*What needs to be done:*
Look through the records below for the line holding "have norm5 : (2 + u) * (2 + (1 - u)) = 5.". Write it out exactly, with each following line through the line holding "by apply: (contra_eq_neq".

*Supplied material:*
[Start of Attachment]
(* Let $k_1,k_2,k_1',k_2'\ge0$ be integers. Then (i) $(1+t)^{k_1}(1-t)^{k_2}\doteq1$ if and only if $k_1=k_2=0$; (ii) $(1+t)^{k_1}(1-t)^{k_2}\doteq(1+t)^{k_1'}(1-t)^{k_2'}$ if and only if $k_1=k_1'$ and $k_2=k_2'$.
   Context: Let $I_t$ be the ideal of $\mathbb Z[t^{\pm1/2}]$ generated by $\frac{t^5+1}{t+1}=t^4-t^3+t^2-t+1$. For $f,g\in\mathbb Z[t^{\pm1/2}]$ write $f\doteq g$ if $f\equiv\pm t^{i/2}g\pmod{I_t}$ for some sign and some integer $i$. *)

(* Model: Z[t^{±1/2}] = Z[s^{±1}] with s = t^{1/2}, realised inside the
   fraction field K = Frac(Z[s]) as the subring of elements p / s^n. *)
From HB Require Import structures.
From mathcomp Require Import all_boot all_order all_algebra.
Set Implicit Arguments. Unset Strict Implicit. Unset Printing Implicit Defensive.
Import Order.TTheory GRing.Theory Num.Theory.
Local Open Scope ring_scope.

Definition K := {fraction {poly int}}.

Definition s : K := tofrac ('X : {poly int}).
Definition t : K := s ^+ 2.

Definition inLaurent (x : K) : Prop :=
  exists (p : {poly int}) (n : nat), x = tofrac p / s ^+ n.

(* generator of I_t : (t^5+1)/(t+1) = t^4 - t^3 + t^2 - t + 1 *)
Definition Phi10 : K := t ^+ 4 - t ^+ 3 + t ^+ 2 - t + 1.

Definition inI (x : K) : Prop :=
  exists h : K, inLaurent h /\ x = h * Phi10.

Definition doteq (f g : K) : Prop :=
  exists (b : bool) (i : int), inI (f - (-1) ^+ b * s ^ i * g).

Definition P (k1 k2 : nat) : K := (1 + t) ^+ k1 * (1 - t) ^+ k2.

From mathcomp Require Import all_boot all_order all_algebra all_field.
From mathcomp Require Import ring zify.
Set Warnings "-notation-overridden,-ambiguous-paths".
Set Implicit Arguments. Unset Strict Implicit. Unset Printing Implicit Defensive.
Import GRing.Theory Num.Theory.
Local Open Scope ring_scope.

(* Map s = t^{1/2} to a root y of unity with w = y^2 a root of Phi10. A relation
   P k1 k2 = +- s^i P k1' k2' mod I_t then becomes an equality of moduli
   |1 + w|^(2 k1) |1 - w|^(2 k2) = |1 + w|^(2 k1') |1 - w|^(2 k2'), i.e.
   (2 + u)^k1 (2 - u)^k2 = (2 + u)^k1' (2 - u)^k2' with u = w + w^-1 a root of
   u^2 = u + 1. Replacing y by y^3 replaces u by its conjugate 1 - u; since
   2 + u has norm 5 and 2 - u is a unit of infinite order, the exponents agree. *)

Definition phi10 (R : nzRingType) (x : R) : R := x ^+ 4 - x ^+ 3 + x ^+ 2 - x + 1.

Definition P_at (R : nzRingType) (x : R) (a b : nat) : R := (1 + x) ^+ a * (1 - x) ^+ b.

Lemma rmorph_phi10 (R S : nzRingType) (f : {rmorphism R -> S}) (x : R) :
  f (phi10 x) = phi10 (f x).
Proof.
by rewrite /phi10 (rmorphD f) (rmorphB f) (rmorphD f) (rmorphB f) !(rmorphXn f) (rmorph1 f).
Qed.

Lemma doteq_refl (f : K) : doteq f f.
Proof.
exists false, 0; exists 0; split; first by exists 0, 0%N; rewrite mul0r.
by rewrite expr0 mul1r expr0z mul1r subrr mul0r.
Qed.

Lemma s_neq0 : s != 0.
Proof. by rewrite /s tofrac_eq0 polyX_eq0. Qed.

Lemma clear_denominator (F : fieldType) (x A B e q r : F) (n N M : nat) :
  x != 0 -> (n <= N)%N -> A - e * (x ^+ M / x ^+ N) * B = q / x ^+ n * r ->
  x ^+ N * A - e * x ^+ M * B = q * x ^+ (N - n) * r.
Proof.
move=> x0 leNn E.
have xn0 : x ^+ n != 0 by rewrite expf_neq0.
have xN0 : x ^+ N != 0 by rewrite expf_neq0.
have xN : x ^+ N = x ^+ (N - n) * x ^+ n by rewrite -exprD subnK.
transitivity (x ^+ N * (A - e * (x ^+ M / x ^+ N) * B)); first by field.
by rewrite E xN; field.
Qed.

(* Clearing the denominators of the cofactor and of s^i turns the congruence
   into an identity of integer polynomials in s, which can then be evaluated. *)
Lemma doteq_tofrac_poly (f g : {poly int}) : doteq (tofrac f) (tofrac g) ->
  exists (c : bool) (N M : nat) (q : {poly int}),
    'X^N * f - (-1) ^+ c * 'X^M * g = q * phi10 ('X ^+ 2).
Proof.
move=> [c [i [h [[p [n ->]] E]]]].
have [N [M [leNn Ei]]] : exists N M : nat, (n <= N)%N /\ i = M%:Z - N%:Z.
  by case: i {E} => m; [exists n, (n + m)%N | exists (n + m.+1)%N, n]; lia.
exists c, N, M, (p * 'X^(N - n)); apply/eqP; rewrite -tofrac_eq; apply/eqP.
rewrite !(rmorphM, rmorphB, rmorph_sign, rmorphXn) rmorph_phi10 rmorphXn.
change (s ^+ N * tofrac f - (-1) ^+ c * s ^+ M * tofrac g =
        tofrac p * s ^+ (N - n) * Phi10).
rewrite Ei expfzDr ?s_neq0 // -exprnN in E.
exact: clear_denominator s_neq0 leNn E.
Qed.

Lemma tofrac_P_at a b : tofrac (P_at ('X ^+ 2) a b) = P a b.
Proof. by rewrite /P_at rmorphM !rmorphXn rmorphD rmorphB rmorph1 rmorphXn. Qed.

Notation evalC y := (horner_morph (fun a : int => mulrC (y : algC) a%:~R)).

Lemma evalC_X y : evalC y 'X = y.
Proof. exact: horner_morphX. Qed.

Lemma evalC_P_at y a b : evalC y (P_at ('X ^+ 2) a b) = P_at (y ^+ 2) a b.
Proof. by rewrite /P_at rmorphM !rmorphXn rmorphD rmorphB rmorph1 rmorphXn /= evalC_X. Qed.

Lemma poly_identity_norm_eq (f g q : {poly int}) (c : bool) (N M : nat) (y : algC) :
  'X^N * f - (-1) ^+ c * 'X^M * g = q * phi10 ('X ^+ 2) ->
  `|y| = 1 -> phi10 (y ^+ 2) = 0 -> `|evalC y f| = `|evalC y g|.
Proof.
move=> /(congr1 (evalC y)) + y1 y0.
rewrite !(rmorphM, rmorphB, rmorph_sign, rmorphXn) rmorph_phi10 rmorphXn /= evalC_X y0 mulr0.
move/eqP; rewrite subr_eq0 => /eqP /(congr1 Num.norm).
by rewrite !normrM !normrX normrN1 y1 !expr1n !mul1r.
Qed.

Lemma normC_P_at_sqr (w : algC) a b : `|w| = 1 ->
  `|P_at w a b| ^+ 2 = (2 + (w + w^*)) ^+ a * (2 - (w + w^*)) ^+ b.
Proof.
move=> w1; have ww : w * w^* = 1 by rewrite -normCK w1 expr1n.
rewrite /P_at normrM !normrX exprMn -!exprM mulnC [(b * 2)%N]mulnC !exprM !normCK.
rewrite !(rmorphD, rmorphB, rmorph1).
congr (_ ^+ _ * _ ^+ _).
- by transitivity (1 + (w + w^*) + w * w^*); [ring | rewrite ww; ring].
- by transitivity (1 - (w + w^*) + w * w^*); [ring | rewrite ww; ring].
Qed.

Lemma phi10_norm1 (R : numDomainType) (w : R) : phi10 w = 0 -> `|w| = 1.
Proof.
move=> w0; have w5 : w ^+ 5 = -1.
  apply/eqP; rewrite -subr_eq0 opprK.
  have -> : w ^+ 5 + 1 = (w + 1) * phi10 w by rewrite /phi10; ring.
  by rewrite w0 mulr0.
by apply/eqP; rewrite -(@pexpr_eq1 _ _ 5) // -normrX w5 normrN1.
Qed.

Lemma phi10_expr3 (R : comNzRingType) (w : R) : phi10 w = 0 -> phi10 (w ^+ 3) = 0.
Proof.
move=> w0.
have -> : phi10 (w ^+ 3) = phi10 w * (1 + (w + 1) * (w ^+ 7 - w ^+ 4 - w ^+ 2 + w)).
  by rewrite /phi10; ring.
by rewrite w0 mul0r.
Qed.

Lemma phi10_neq0 (F : fieldType) (w : F) : phi10 w = 0 -> w != 0.
Proof.
move=> w0; apply: (contra_eq_neq _ w0) => ->.
by rewrite /phi10 !expr0n /= subrr !(sub0r, add0r, subr0) oner_eq0.
Qed.

Lemma phi10_trace_sqr (F : fieldType) (w : F) :
  phi10 w = 0 -> (w + w^-1) ^+ 2 = w + w^-1 + 1.
Proof.
move=> w0; have wn0 := phi10_neq0 w0.
apply/eqP; rewrite -subr_eq0; apply/eqP.
transitivity (w ^- 2 * phi10 w); first by rewrite /phi10; field.
by rewrite w0 mulr0.
Qed.

Lemma phi10_trace_expr3 (F : fieldType) (w : F) :
  phi10 w = 0 -> w ^+ 3 + w^-1 ^+ 3 = 1 - (w + w^-1).
Proof.
move=> w0; have wn0 := phi10_neq0 w0.
apply/eqP; rewrite -subr_eq0; apply/eqP.
transitivity (w ^- 3 * (w ^+ 2 + w + 1) * phi10 w); first by rewrite /phi10; field.
by rewrite w0 mulr0.
Qed.

(* 2 + u and 2 + (1 - u) multiply to 5, while 2 - u and 2 - (1 - u) multiply to 1
   and 2 - u is real of absolute value different from 1. *)
Lemma golden_exponents_inj (R : numFieldType) (u : R) (a b a' b' : nat) :
  u \is Num.real -> u ^+ 2 = u + 1 ->
  (2 + u) ^+ a * (2 - u) ^+ b = (2 + u) ^+ a' * (2 - u) ^+ b' ->
  (2 + (1 - u)) ^+ a * (2 - (1 - u)) ^+ b =
    (2 + (1 - u)) ^+ a' * (2 - (1 - u)) ^+ b' ->
  a = a' /\ b = b'.
Proof.
move=> ur u2 E E'.
have norm5 : (2 + u) * (2 + (1 - u)) = 5.
  by transitivity (6 + u - u ^+ 2); [ring | rewrite u2; ring].
have norm1 : (2 - u) * (2 - (1 - u)) = 1.
  by transitivity (2 + u - u ^+ 2); [ring | rewrite u2; ring].
have aa' : a = a'.
  have exp5_inj : injective (GRing.exp (5 : R)) by apply: ieexprIn; rewrite ?ltr0n ?pnatr_eq1.
  apply: exp5_inj; move: (congr2 *%R E E').
  by rewrite [LHS]mulrACA [RHS]mulrACA -!exprMn norm5 norm1 !expr1n !mulr1.
subst a'; split=> //.
have x0 : 2 - u != 0.
  by apply: (contra_eq_neq _ norm1) => ->; rewrite mul0r eq_sym oner_eq0.
have xnorm1 : `|2 - u| != 1.
  apply/eqP => x1.
  have x2 : (2 - u) ^+ 2 = 1 by rewrite -real_normK ?x1 ?expr1n // rpredB ?realn.
  have x3 : 3 * (2 - u) = 2.
    transitivity ((2 - u) ^+ 2 + 1); last by rewrite x2.
    by transitivity (5 - 4 * u + u ^+ 2); [rewrite u2; ring | ring].
  have : (9 : R) = 4.
    by transitivity ((3 * (2 - u)) ^+ 2); [rewrite exprMn x2; ring | rewrite x3; ring].
  by move/eqP; rewrite (eqr_nat R 9 4).
have ua0 : (2 + u) ^+ a != 0.
  rewrite expf_neq0 //; apply: (contra_eq_neq _ norm5) => ->.
  by rewrite mul0r eq_sym pnatr_eq0.
have exp_inj : injective (GRing.exp `|2 - u|) by apply: ieexprIn; rewrite ?normr_gt0.
by apply: exp_inj; rewrite -!normrX (mulfI ua0 E).
Qed.

Lemma exists_phi10_root : exists w : algC, phi10 w = 0.
Proof.
have [w Dw] := @solve_monicpoly algC 4 (nth 0 [:: -1; 1; -1; 1]) isT.
by exists w; rewrite /phi10 Dw !big_ord_recl big_ord0 /=; ring.
Qed.

Lemma doteq_P_inj a b a' b' : doteq (P a b) (P a' b') -> a = a' /\ b = b'.
Proof.
rewrite -!tofrac_P_at => /doteq_tofrac_poly [c [N [M [q Eq]]]].
have trace_eq (y : algC) : `|y| = 1 -> phi10 (y ^+ 2) = 0 ->
    (2 + (y ^+ 2 + (y ^+ 2)^*)) ^+ a * (2 - (y ^+ 2 + (y ^+ 2)^*)) ^+ b =
    (2 + (y ^+ 2 + (y ^+ 2)^*)) ^+ a' * (2 - (y ^+ 2 + (y ^+ 2)^*)) ^+ b'.
  move=> y1 y0; have y21 : `|y ^+ 2| = 1 by rewrite normrX y1 expr1n.
  rewrite -(normC_P_at_sqr a b y21) -(normC_P_at_sqr a' b' y21) -!evalC_P_at.
  by rewrite (poly_identity_norm_eq Eq y1 y0).
have [w w0] := exists_phi10_root.
have w1 := phi10_norm1 w0.
have wV : w^* = w^-1 by rewrite invC_norm w1 expr1n invr1 mul1r.
have z1 : `|sqrtC w| = 1 by apply/eqP; rewrite -(@pexpr_eq1 _ _ 2) // -normrX sqrtCK w1.
have z3 : `|sqrtC w ^+ 3| = 1 by rewrite normrX z1 expr1n.
have := trace_eq _ z1; rewrite sqrtCK wV => /(_ w0) E.
have := trace_eq _ z3; rewrite exprAC sqrtCK rmorphXn /= wV (phi10_trace_expr3 w0).
move=> /(_ (phi10_expr3 w0)) E'.
apply: golden_exponents_inj E E'; last exact: phi10_trace_sqr.
by rewrite -wV CrealE rmorphD /= conjCK addrC.
Qed.

Local Close Scope ring_scope.

Theorem lemma6p1 (k1 k2 k1' k2' : nat) :
  (doteq (P k1 k2) 1%R <-> (k1 = 0 /\ k2 = 0)) /\
  (doteq (P k1 k2) (P k1' k2') <-> (k1 = k1' /\ k2 = k2')).
Proof.
have doteq_P_iff a b a' b' : doteq (P a b) (P a' b') <-> a = a' /\ b = b'.
  by split=> [/doteq_P_inj | [<- <-]] //; exact: doteq_refl.
split; last exact: doteq_P_iff.
by rewrite -doteq_P_iff /P !expr0 mulr1.
Qed.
[End of Attachment]
*Solved problem:*
have norm5 : (2 + u) * (2 + (1 - u)) = 5.
  by transitivity (6 + u - u ^+ 2); [ring | rewrite u2; ring].
have norm1 : (2 - u) * (2 - (1 - u)) = 1.
  by transitivity (2 + u - u ^+ 2); [ring | rewrite u2; ring].
have aa' : a = a'.
  have exp5_inj : injective (GRing.exp (5 : R)) by apply: ieexprIn; rewrite ?ltr0n ?pnatr_eq1.
  apply: exp5_inj; move: (congr2 *%R E E').
  by rewrite [LHS]mulrACA [RHS]mulrACA -!exprMn norm5 norm1 !expr1n !mulr1.
subst a'; split=> //.
have x0 : 2 - u != 0.
  by apply: (contra_eq_neq _ norm1) => ->; rewrite mul0r eq_sym oner_eq0.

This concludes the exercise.